What you should do:
The entries below contain a stretch that opens with the line containing "(** Write a" and closes with the line containing "and c, and since"; set down that stretch exactly, both ends included, and nothing else.

Stored data entries:
>>>>

(* There is an absolute constant $C_1>0$ such that the following holds. Let $n\ge 2$, $p\ge 1$, $d\ge 1$, let $(x_1,y_1),\ldots,(x_n,y_n)\in \mathbb{S}^{d-1}\times\{-1,1\}$ be any dataset and let $\theta^{(1)}$ be any initial parameter vector. Set $h=1/p$, $L_1:=L(\theta^{(1)})$, and \[ \widetilde{Q}_1=\min\left\{\frac{1}{30pL_1\log^2(1/L_1)},\ \frac{108\,\lVert V^{(1)}\rVert^2}{125\,L_1\log^4(1/L_1)},\ \frac{e^2}{120p}\right\},\qquad \widetilde{Q}_2(Q_1)=\frac{125\,Q_1L_1\log^4(1/L_1)}{216\,\lVert V^{(1)}\rVert^2}. \] Let $Q_1$ be any positive number with $Q_1\le \widetilde{Q}_1$ and $Q_2$ any positive number with $Q_2\le\widetilde{Q}_2(Q_1)$. Let $\theta^{(t+1)}=\theta^{(t)}-\alpha_t\nabla_\theta L(\theta^{(t)})$ for $t\ge 1$ with step-sizes $\alpha_t=Q_1\log^2(1/L(\theta^{(t)}))$. If $L(\theta^{(1)})\le \frac{1}{n^{1+C_1}}$, then for all $t\ge 1$, \[ L(\theta^{(t)})\le \frac{L(\theta^{(1)})}{Q_2\,(t-1)+1}. \]
   Context: $\mathbb{S}^{d-1}$ is the set of unit vectors in $\mathbb{R}^d$; $\log$ is the natural logarithm. The Huberized ReLU with bandwidth $h>0$ is $\phi(z)=0$ for $z<0$, $\phi(z)=z^2/(2h)$ for $z\in[0,h]$, $\phi(z)=z-h/2$ for $z>h$. The network has $2p$ hidden units with input weights $v_i\in\mathbb{R}^d$ and biases $b_i\in\mathbb{R}$, $i\in[2p]$; the output weights are fixed (not trained): $u_1=\cdots=u_p=1$, $u_{p+1}=\cdots=u_{2p}=-1$. The trainable parameters are $\theta=(v_1,b_1,\ldots,v_{2p},b_{2p})$ and the network computes $f_\theta(x)=\sum_{i=1}^{2p}u_i\phi(v_i\cdot x+b_i)$. The training loss is $L(\theta)=\frac1n\sum_{s=1}^n\ln(1+\exp(-y_sf_\theta(x_s)))$. $V^{(1)}$ denotes the $2p\times(d+1)$ matrix whose $i$-th row is $(v_i^{(1)},b_i^{(1)})$ formed from the parameters $\theta^{(1)}$, and $\lVert V^{(1)}\rVert$ is its Frobenius norm. *)

From Stdlib Require Import Reals Lra Lia.
From Coquelicot Require Import Coquelicot.
Open Scope R_scope.
(* Let $X\in\mathcal M_{\mathbf r}$, $V\in\mathrm T_X\mathcal M_{\mathbf r}$, $Z\in\mathbb R^{n_1\times\cdots\times n_d}$ and $i,j\in[d]$. The tensor $W:=\mathcal P_X^i(\mathrm D_V\mathcal P_X^j)(Z)$ lies in the range of $\mathcal P_X^i$ and can be written $W(i_1,\dots,i_d)=U_1(i_1)\cdots U_{i-1}(i_{i-1})\,\delta\tilde V_i(i_i)\,\tilde U_{i+1}(i_{i+1})\cdots\tilde U_d(i_d)$ for a core $\delta\tilde V_i\in\mathbb R^{r_{i-1}\times n_i\times r_i}$, so that $W^{<i>}=(I_{n_i}\otimes X_{\le i-1})\delta\tilde V_i^L\tilde X_{\ge i+1}^\top$. If a matrix $B\in\mathbb R^{n_ir_{i-1}\times r_i}$ satisfies $W^{<i>}=(I_{n_i}\otimes X_{\le i-1})B\tilde X_{\ge i+1}^\top$, then $B=\delta\tilde V_i^L$.
   Context: Fix $d\ge2$, positive integers $n_1,\dots,n_d$, $\mathbf r=(r_1,\dots,r_{d-1})$, $r_0=r_d=1$. Flattening $Z^{<\mu>}\in\mathbb R^{(n_1\cdots n_\mu)\times(n_{\mu+1}\cdots n_d)}$: rows indexed by $(i_1,\dots,i_\mu)$, columns by $(i_{\mu+1},\dots,i_d)$, colexicographic order. $\mathcal M_{\mathbf r}$: tensors with $(\mathrm{rank}\,Z^{<1>},\dots,\mathrm{rank}\,Z^{<d-1>})=\mathbf r$, a Riemannian submanifold of Euclidean space. $X$ has a minimal (sizes equal to TT-rank) left-orthogonal TT decomposition $U_1,\dots,U_d$ ($U_k\in\mathbb R^{r_{k-1}\times n_k\times r_k}$, $X(i_1,\dots,i_d)=U_1(i_1)\cdots U_d(i_d)$, $(U_k^L)^\top U_k^L=I$ for $k<d$, where $U^L=U^{<2>}$, $U^R=U^{<1>}$) and a minimal right-orthogonal TT decomposition $\tilde U_1,\dots,\tilde U_d$ ($\tilde U_k^R(\tilde U_k^R)^\top=I$ for $k\ge2$). Interface matrices: $X_{\le0}=1$, $X_{\le k}=(I_{n_k}\otimes X_{\le k-1})U_k^L$; $\tilde X_{\ge d+1}=1$, $\tilde X_{\ge k}^\top=\tilde U_k^R(\tilde X_{\ge k+1}^\top\otimes I_{n_k})$. Projectors for $Y\in\mathcal M_{\mathbf r}$ (independent of decomposition choices): $(\mathcal P_Y^kZ)^{<k>}=(I_{n_k}\otimes Y_{\le k-1}Y_{\le k-1}^\top-Y_{\le k}Y_{\le k}^\top)Z^{<k>}\tilde Y_{\ge k+1}\tilde Y_{\ge k+1}^\top$ for $k\in[d-1]$, $(\mathcal P_Y^dZ)^{<d>}=(I_{n_d}\otimes Y_{\le d-1}Y_{\le d-1}^\top)Z^{<d>}$. $(\mathrm D_V\mathcal P_X^j)Z:=\lim_{t\to0}(\mathcal P^j_{c(t)}Z-\mathcal P^j_{c(0)}Z)/t$ for a smooth curve $c$ in $\mathcal M_{\mathbf r}$ with $c(0)=X$, $c'(0)=V$. *)

From HB Require Import structures.
From mathcomp Require Import all_boot all_order all_algebra.
From mathcomp Require Import boolp classical_sets reals topology normedtype derive.
From Stdlib Require Import ClassicalEpsilon.
Set Implicit Arguments. Unset Strict Implicit. Unset Printing Implicit Defensive.
Import Order.TTheory GRing.Theory Num.Theory.
Local Open Scope ring_scope.

(* Conventions:
   - a "matrix" is a function nat -> nat -> R, only entries in the stated
     range matter (sizes are passed explicitly);
   - a tensor of size n_1 x ... x n_d is a function nat -> R on its
     colexicographic linear index l = i_1 + n_1 i_2 + n_1 n_2 i_3 + ...,
     only l < n_1 * ... * n_d matters;
   - a TT core family is U : nat -> nat -> nat -> nat -> R,
     U k alpha i beta = U_k(alpha, i, beta) (k = 1..d). *)

Section TT.
Variable R : realType.

Definition mat := nat -> nat -> R.
Definition tensor := nat -> R.
Definition core3 := nat -> nat -> nat -> R.
Definition cores := nat -> core3.

Definition mmul (p : nat) (A B : mat) : mat :=
  fun a b => \sum_(l < p) A a l * B l b.
Definition mtr (A : mat) : mat := fun a b => A b a.
Definition msub (A B : mat) : mat := fun a b => A a b - B a b.
Definition idm : mat := fun a b => (a == b)%:R.
Definition ones11 : mat := fun _ _ => 1.
Definition kron (m2 n2 : nat) (A B : mat) : mat :=
  fun a b => A (a %/ m2)%N (b %/ n2)%N * B (a %% m2)%N (b %% n2)%N.
Definition mxeq (m n : nat) (A B : mat) : Prop :=
  forall a b, (a < m)%N -> (b < n)%N -> A a b = B a b.
Definition to_mx (m n : nat) (A : mat) : 'M[R]_(m, n) :=
  \matrix_(a < m, b < n) A a b.

Variables (d : nat) (n r : nat -> nat).

Definition Pn (k : nat) : nat := (\prod_(1 <= m < k.+1) n m)%N.
Definition Qn (k : nat) : nat := (\prod_(k.+1 <= m < d.+1) n m)%N.
Definition Ntot : nat := Pn d.

Definition flat (k : nat) (Z : tensor) : mat := fun a b => Z (a + Pn k * b)%N.
Definition unflat (k : nat) (A : mat) : tensor :=
  fun l => A (l %% Pn k)%N (l %/ Pn k)%N.

Definition inM (Y : tensor) : Prop :=
  forall mu, (1 <= mu <= d.-1)%N ->
    \rank (to_mx (Pn mu) (Qn mu) (flat mu Y)) = r mu.

Definition cL (k : nat) (G : core3) : mat :=
  fun a b => G (a %% r k.-1)%N (a %/ r k.-1)%N b.
Definition cR (k : nat) (G : core3) : mat :=
  fun a b => G a (b %% n k)%N (b %/ n k)%N.

Fixpoint Xle (U : cores) (k : nat) : mat :=
  match k with
  | 0 => ones11
  | k'.+1 => mmul (n k'.+1 * r k') (kron (Pn k') (r k') idm (Xle U k'))
                  (cL k'.+1 (U k'.+1))
  end.

(* XgeT_aux U m = \tilde X_{>= d+1-m}^T, with
   \tilde X_{>= k}^T = \tilde U_k^R (\tilde X_{>= k+1}^T (x) I_{n_k}) *)
Fixpoint XgeT_aux (U : cores) (m : nat) : mat :=
  match m with
  | 0 => ones11
  | m'.+1 => mmul (n (d - m')%N * r (d - m')%N)%N (cR (d - m')%N (U (d - m')%N))
                  (kron (n (d - m')%N) (n (d - m')%N) (XgeT_aux U m') idm)
  end.
Definition XgeT (U : cores) (k : nat) : mat := XgeT_aux U (d.+1 - k).

Definition lo_decomp (Y : tensor) (U : cores) : Prop :=
  (forall l, (l < Ntot)%N -> Y l = Xle U d l 0%N) /\
  forall k, (1 <= k <= d.-1)%N ->
    mxeq (r k) (r k) (mmul (n k * r k.-1) (mtr (cL k (U k))) (cL k (U k))) idm.

Definition ro_decomp (Y : tensor) (U : cores) : Prop :=
  (forall l, (l < Ntot)%N -> Y l = XgeT U 1 0%N l) /\
  forall k, (2 <= k <= d)%N ->
    mxeq (r k.-1) (r k.-1) (mmul (n k * r k) (cR k (U k)) (mtr (cR k (U k)))) idm.

Definition zero_cores : cores := fun _ _ _ _ => 0.
Definition lo_of (Y : tensor) : cores :=
  epsilon (inhabits zero_cores) (lo_decomp Y).
Definition ro_of (Y : tensor) : cores :=
  epsilon (inhabits zero_cores) (ro_decomp Y).
(* Let $h$ be a positive integer and $L$ an $h$-modular lattice with zero. For every $x\in\mathcal{A}'$ and every integer $k\geq d(x)$, $x^{(k)}=x^{(d(x))}$.
   Context: $K$ is the lattice consisting of $\varnothing$, $C=\{c\}$, $A_m=\{a_k:k\geq m\}$, $B_n=\{b_k:k\geq n\}$ ($m,n<\omega$), and $C\cup A_m\cup B_n$ with $|m-n|\leq1$, ordered by inclusion; $a_n,b_n,c$ denote $A_n,B_n,C$, so $\mathrm{J}(K)=\{c\}\cup\{a_n\}\cup\{b_n\}$ with $a_0>a_1>\cdots$, $b_0>b_1>\cdots$ and no other comparabilities. $\mathcal{A}$ is the set of antitone maps $x\colon\mathrm{J}(K)\to L$ with finite range. For $x\in\mathcal{A}$, $x(a_\infty)$, $x(b_\infty)$ are the eventual values of the increasing sequences $(x(a_n))$, $(x(b_n))$, and $d(x)$ is the least $d\geq0$ with $x(a_n)=x(a_\infty)$ and $x(b_n)=x(b_\infty)$ for all $n\geq d$. The map $x^{(1)}$ is defined by $x^{(1)}(c)=x(c)\vee(x(a_\infty)\wedge x(b_\infty))$, $x^{(1)}(a_0)=x(a_0)$, $x^{(1)}(b_0)=x(b_0)$, $x^{(1)}(a_{n+1})=x(a_{n+1})\vee(x(b_n)\wedge x(c))$, $x^{(1)}(b_{n+1})=x(b_{n+1})\vee(x(a_n)\wedge x(c))$; $\mathcal{A}$ is closed under $x\mapsto x^{(1)}$, and $x^{(0)}=x$, $x^{(k+1)}=(x^{(k)})^{(1)}$. Put $\ell(x)=\langle x(a_\infty),x(b_\infty),x(c)\rangle$ and $\mathcal{A}'=\{x\in\mathcal{A}:\ell(x^{(1)})=\ell(x)\}$. $L$ is $h$-modular if $u^{(h+1)}=u^{(h)}$ for all $u\in L^3$, where $\langle x,y,z\rangle^{(1)}=\langle x\vee(y\wedge z),y\vee(x\wedge z),z\vee(x\wedge y)\rangle$. *)

From Stdlib Require Import ClassicalEpsilon.
From mathcomp Require Import all_boot all_order.
Set Implicit Arguments. Unset Strict Implicit. Unset Printing Implicit Defensive.
Import Order.TTheory.
Local Open Scope order_scope.

Inductive JK : Type := Jc | Ja of nat | Jb of nat.

(* order on J(K): a_0 > a_1 > ..., b_0 > b_1 > ..., no other comparabilities *)
Definition leJK (p q : JK) : bool :=
  match p, q with
  | Jc, Jc => true
  | Ja m, Ja n => (n <= m)%N
  | Jb m, Jb n => (n <= m)%N
  | _, _ => false
  end.

Section Defs.
Context {disp : Order.disp_t} {L : bLatticeType disp}.

Definition inA (x : JK -> L) : Prop :=
  (forall p q, leJK p q -> x q <= x p) /\ (exists s : seq L, forall j, x j \in s).

Definition ainf (x : JK -> L) : L :=
  epsilon (inhabits \bot) (fun v => exists N, forall n, (N <= n)%N -> x (Ja n) = v).
Definition binf (x : JK -> L) : L :=
  epsilon (inhabits \bot) (fun v => exists N, forall n, (N <= n)%N -> x (Jb n) = v).

Definition stableFrom (x : JK -> L) (d : nat) : Prop :=
  forall n, (d <= n)%N -> x (Ja n) = ainf x /\ x (Jb n) = binf x.

Definition dx (x : JK -> L) : nat :=
  epsilon (inhabits 0%N) (fun d => stableFrom x d /\ forall d', stableFrom x d' -> (d <= d')%N).

Definition step (x : JK -> L) : JK -> L := fun j =>
  match j with
  | Jc => x Jc `|` (ainf x `&` binf x)
  | Ja 0 => x (Ja 0)
  | Jb 0 => x (Jb 0)
  | Ja n.+1 => x (Ja n.+1) `|` (x (Jb n) `&` x Jc)
  | Jb n.+1 => x (Jb n.+1) `|` (x (Ja n) `&` x Jc)
  end.

Definition iterx (k : nat) (x : JK -> L) : JK -> L := iter k step x.

Definition ell (x : JK -> L) : L * L * L := (ainf x, binf x, x Jc).

Definition inA' (x : JK -> L) : Prop := inA x /\ ell (step x) = ell x.

Definition step3 (u : L * L * L) : L * L * L :=
  let: (x, y, z) := u in
  (x `|` (y `&` z), y `|` (x `&` z), z `|` (x `&` y)).

Definition hmodular (h : nat) : Prop :=
  forall u : L * L * L, iter h.+1 step3 u = iter h step3 u.

End Defs.

(** Write a = x(a_∞), b = x(b_∞), c = x(c).  The condition ℓ(x^(1)) = ℓ(x)
    says exactly that b ∧ c ≤ a, a ∧ c ≤ b and a ∧ b ≤ c.  Under these
    inequalities every iterate x^(k) keeps the value c at c, stays below a
    (resp. b) on the a-chain (resp. b-chain), and equals a and b from index
    d(x) on.  Since x^(1)(a_(n+1)) depends only on the values at a_(n+1), b_n
    and c, and since joins are idempotent, an induction on n shows that the
    values at index n no longer change from stage n on.  Hence x^(k+1) = x^(k)
    as soon as k ≥ d(x).  No modularity is used. *)

From mathcomp Require Import all_boot all_order.
From Stdlib Require Import ClassicalEpsilon Classical FunctionalExtensionality Wf_nat.
Set Implicit Arguments. Unset Strict Implicit. Unset Printing Implicit Defensive.
Import Order.TTheory.
Local Open Scope order_scope.

Lemma values_in_seq_attained_below (T : eqType) (f : nat -> T) (s : seq T) :
  exists N, forall n, f n \in s -> exists2 m, (m <= N)%N & f m = f n.
Proof.
elim: s => [|w s [N IH]]; first by exists 0%N.
have [[m fm] | not_attained] := classic (exists m, f m = w).
  exists (maxn N m) => n; rewrite inE => /orP[/eqP fn | /IH[m' m'N fm']].
    by exists m; rewrite ?leq_maxr // fm fn.
  by exists m'; first exact: leq_trans m'N (leq_maxl _ _).
exists N => n; rewrite inE => /orP[/eqP fn | /IH //].
by case: not_attained; exists n.
Qed.

Lemma nondecreasing_finite_range_stationary (d : Order.disp_t) (T : porderType d)
    (f : nat -> T) (s : seq T) :
  {homo f : m n / (m <= n)%N >-> m <= n} -> (forall n, f n \in s) ->
  exists N, forall n, (N <= n)%N -> f n = f N.
Proof.
move=> f_mono f_s; have [N attained] := values_in_seq_attained_below f s.
exists N => n Nn; have [m mN fm] := attained n (f_s n).
by apply: le_anti; rewrite -{1}fm (f_mono _ _ mN) (f_mono _ _ Nn).
Qed.

Section Iteration.
Context {disp : Order.disp_t} {L : bLatticeType disp}.
Implicit Types (y : JK -> L) (a b c : L).

Lemma eventual_value_eq (f : nat -> L) N v :
  (forall n, (N <= n)%N -> f n = v) ->
  epsilon (inhabits \bot) (fun w => exists N, forall n, (N <= n)%N -> f n = w) = v.
Proof.
move=> fv; set P := fun w => exists N, forall n, (N <= n)%N -> f n = w.
have [|N' fw] := epsilon_spec (inhabits \bot) P; first by exists v, N.
by rewrite -(fw (maxn N N')) ?leq_maxr // fv // leq_maxl.
Qed.

Lemma ainf_eq y N v : (forall n, (N <= n)%N -> y (Ja n) = v) -> ainf y = v.
Proof. exact: (@eventual_value_eq (fun n => y (Ja n)) N v). Qed.

Lemma binf_eq y N v : (forall n, (N <= n)%N -> y (Jb n) = v) -> binf y = v.
Proof. exact: (@eventual_value_eq (fun n => y (Jb n)) N v). Qed.

Lemma stableFrom_dx y : (exists d, stableFrom y d) -> stableFrom y (dx y).
Proof.
move=> stable.
have [d [[yd d_least] _]] :=
  dec_inh_nat_subset_has_unique_least_element _ (fun d => classic _) stable.
set P := fun d => stableFrom y d /\ forall d', stableFrom y d' -> (d <= d')%N.
have [] // := epsilon_spec (inhabits 0%N) P.
by exists d; split=> // d' /d_least /ssrnat.leP.
Qed.

Lemma inA_stableFrom_dx y : inA y -> stableFrom y (dx y).
Proof.
case=> y_anti [s y_s]; apply: stableFrom_dx.
have [Na ya] := @nondecreasing_finite_range_stationary _ _ (fun n => y (Ja n)) s
  (fun m n mn => y_anti (Ja n) (Ja m) mn) (fun n => y_s _).
have [Nb yb] := @nondecreasing_finite_range_stationary _ _ (fun n => y (Jb n)) s
  (fun m n mn => y_anti (Jb n) (Jb m) mn) (fun n => y_s _).
exists (maxn Na Nb) => n /[dup].
move=> /(leq_trans (leq_maxl _ _)) Nan /(leq_trans (leq_maxr _ _)) Nbn.
by rewrite (ainf_eq ya) (binf_eq yb) ya ?yb.
Qed.

Lemma ainf_step y d :
  stableFrom y d -> ainf (step y) = ainf y `|` (binf y `&` y Jc).
Proof.
move=> y_stable; apply: (@ainf_eq _ d.+1) => -[//|n] dn /=.
by rewrite (y_stable _ (ltnW dn)).1 (y_stable _ dn).2.
Qed.

Lemma binf_step y d :
  stableFrom y d -> binf (step y) = binf y `|` (ainf y `&` y Jc).
Proof.
move=> y_stable; apply: (@binf_eq _ d.+1) => -[//|n] dn /=.
by rewrite (y_stable _ (ltnW dn)).2 (y_stable _ dn).1.
Qed.

Lemma ell_step_meets y d : stableFrom y d -> ell (step y) = ell y ->
  [/\ binf y `&` y Jc <= ainf y, ainf y `&` y Jc <= binf y & ainf y `&` binf y <= y Jc].
Proof.
move=> y_stable; rewrite /ell (ainf_step y_stable) (binf_step y_stable) /=.
by case=> /join_idPl ? /join_idPl ? /join_idPl.
Qed.

Definition framed a b c d y : Prop :=
  [/\ y Jc = c, forall n, y (Ja n) <= a /\ y (Jb n) <= b
    & forall n, (d <= n)%N -> y (Ja n) = a /\ y (Jb n) = b].

Lemma inA_framed y : inA y -> framed (ainf y) (binf y) (y Jc) (dx y) y.
Proof.
move=> y_inA; have y_stable := inA_stableFrom_dx y_inA.
split=> // n; have [<- <-] := y_stable _ (leq_maxr n (dx y)).
by split; apply: y_inA.1; rewrite /= leq_maxl.
Qed.

Lemma framed_step a b c d y :
  b `&` c <= a -> a `&` c <= b -> a `&` b <= c ->
  framed a b c d y -> framed a b c d (step y).
Proof.
move=> hbc hac hab [yc y_le y_stable].
have ya : ainf y = a by apply: (@ainf_eq _ d) => n /y_stable[].
have yb : binf y = b by apply: (@binf_eq _ d) => n /y_stable[].
have le_a n : y (Jb n) `&` y Jc <= a.
  by rewrite yc; apply: le_trans (leI2 (y_le n).2 (lexx c)) hbc.
have le_b n : y (Ja n) `&` y Jc <= b.
  by rewrite yc; apply: le_trans (leI2 (y_le n).1 (lexx c)) hac.
split; first by rewrite /= ya yb yc join_l.
- by case=> [|n] /=; [exact: y_le | rewrite !leUx le_a le_b (y_le n.+1).1 (y_le n.+1).2].
- case=> [|n] dn /=; first exact: y_stable.
  by have [-> ->] := y_stable _ dn; rewrite !join_l.
Qed.

Lemma framed_iterx a b c d y k :
  b `&` c <= a -> a `&` c <= b -> a `&` b <= c ->
  framed a b c d y -> framed a b c d (iterx k y).
Proof. by move=> hbc hac hab y_framed; elim: k => // k; apply: framed_step. Qed.

Lemma step_step_Ja y n : step y Jc = y Jc -> step y (Jb n) = y (Jb n) ->
  step (step y) (Ja n.+1) = step y (Ja n.+1).
Proof. by move=> /= -> ->; rewrite -joinA joinxx. Qed.

Lemma step_step_Jb y n : step y Jc = y Jc -> step y (Ja n) = y (Ja n) ->
  step (step y) (Jb n.+1) = step y (Jb n.+1).
Proof. by move=> /= -> ->; rewrite -joinA joinxx. Qed.

Lemma iterx_frozen y : (forall k, iterx k y Jc = y Jc) ->
  forall n k, (n <= k)%N ->
  iterx k.+1 y (Ja n) = iterx k y (Ja n) /\ iterx k.+1 y (Jb n) = iterx k y (Jb n).
Proof.
move=> c_const; elim=> [|n IH] [|k] // nk.
have [ea eb] := IH k nk.
have ec : step (iterx k y) Jc = iterx k y Jc := etrans (c_const k.+1) (esym (c_const k)).
by split; [apply: step_step_Ja | apply: step_step_Jb].
Qed.

Lemma iterx_succ_eq a b c d y : (forall k, framed a b c d (iterx k y)) ->
  forall k, (d <= k)%N -> iterx k.+1 y = iterx k y.
Proof.
move=> orbit_framed k dk.
have c_const k' : iterx k' y Jc = y Jc.
  by case: (orbit_framed k') => ->; case: (orbit_framed 0).
have tail k' n : (d <= n)%N -> iterx k' y (Ja n) = a /\ iterx k' y (Jb n) = b.
  by case: (orbit_framed k') => _ _; apply.
apply: functional_extensionality => -[|n|n]; first by rewrite !c_const.
- have [dn | nd] := leqP d n; first by rewrite (tail k.+1 n dn).1 (tail k n dn).1.
  exact: (iterx_frozen c_const (leq_trans (ltnW nd) dk)).1.
- have [dn | nd] := leqP d n; first by rewrite (tail k.+1 n dn).2 (tail k n dn).2.
  exact: (iterx_frozen c_const (leq_trans (ltnW nd) dk)).2.
Qed.

End Iteration.

Theorem corollary5p6 (disp : Order.disp_t) (L : bLatticeType disp) (h : nat)
  (hpos : (0 < h)%N) (hmod : @hmodular disp L h)
  (x : JK -> L) (hx : inA' x) (k : nat) (hk : (dx x <= k)%N) :
  iterx k x = iterx (dx x) x.
Proof.
have [x_inA ell_x] := hx.
have [hbc hac hab] := ell_step_meets (inA_stableFrom_dx x_inA) ell_x.
have orbit_framed k' := framed_iterx k' hbc hac hab (inA_framed x_inA).
elim: k hk => [|k IH]; first by rewrite leqn0 => /eqP ->.
rewrite leq_eqVlt => /orP[/eqP -> // | dk].
by rewrite (iterx_succ_eq orbit_framed dk) IH.
Qed.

<<<<

Final answer:
(** Write a = x(a_∞), b = x(b_∞), c = x(c).  The condition ℓ(x^(1)) = ℓ(x)
    says exactly that b ∧ c ≤ a, a ∧ c ≤ b and a ∧ b ≤ c.  Under these
    inequalities every iterate x^(k) keeps the value c at c, stays below a
    (resp. b) on the a-chain (resp. b-chain), and equals a and b from index
    d(x) on.  Since x^(1)(a_(n+1)) depends only on the values at a_(n+1), b_n
    and c, and since joins are idempotent, an induction on n shows that the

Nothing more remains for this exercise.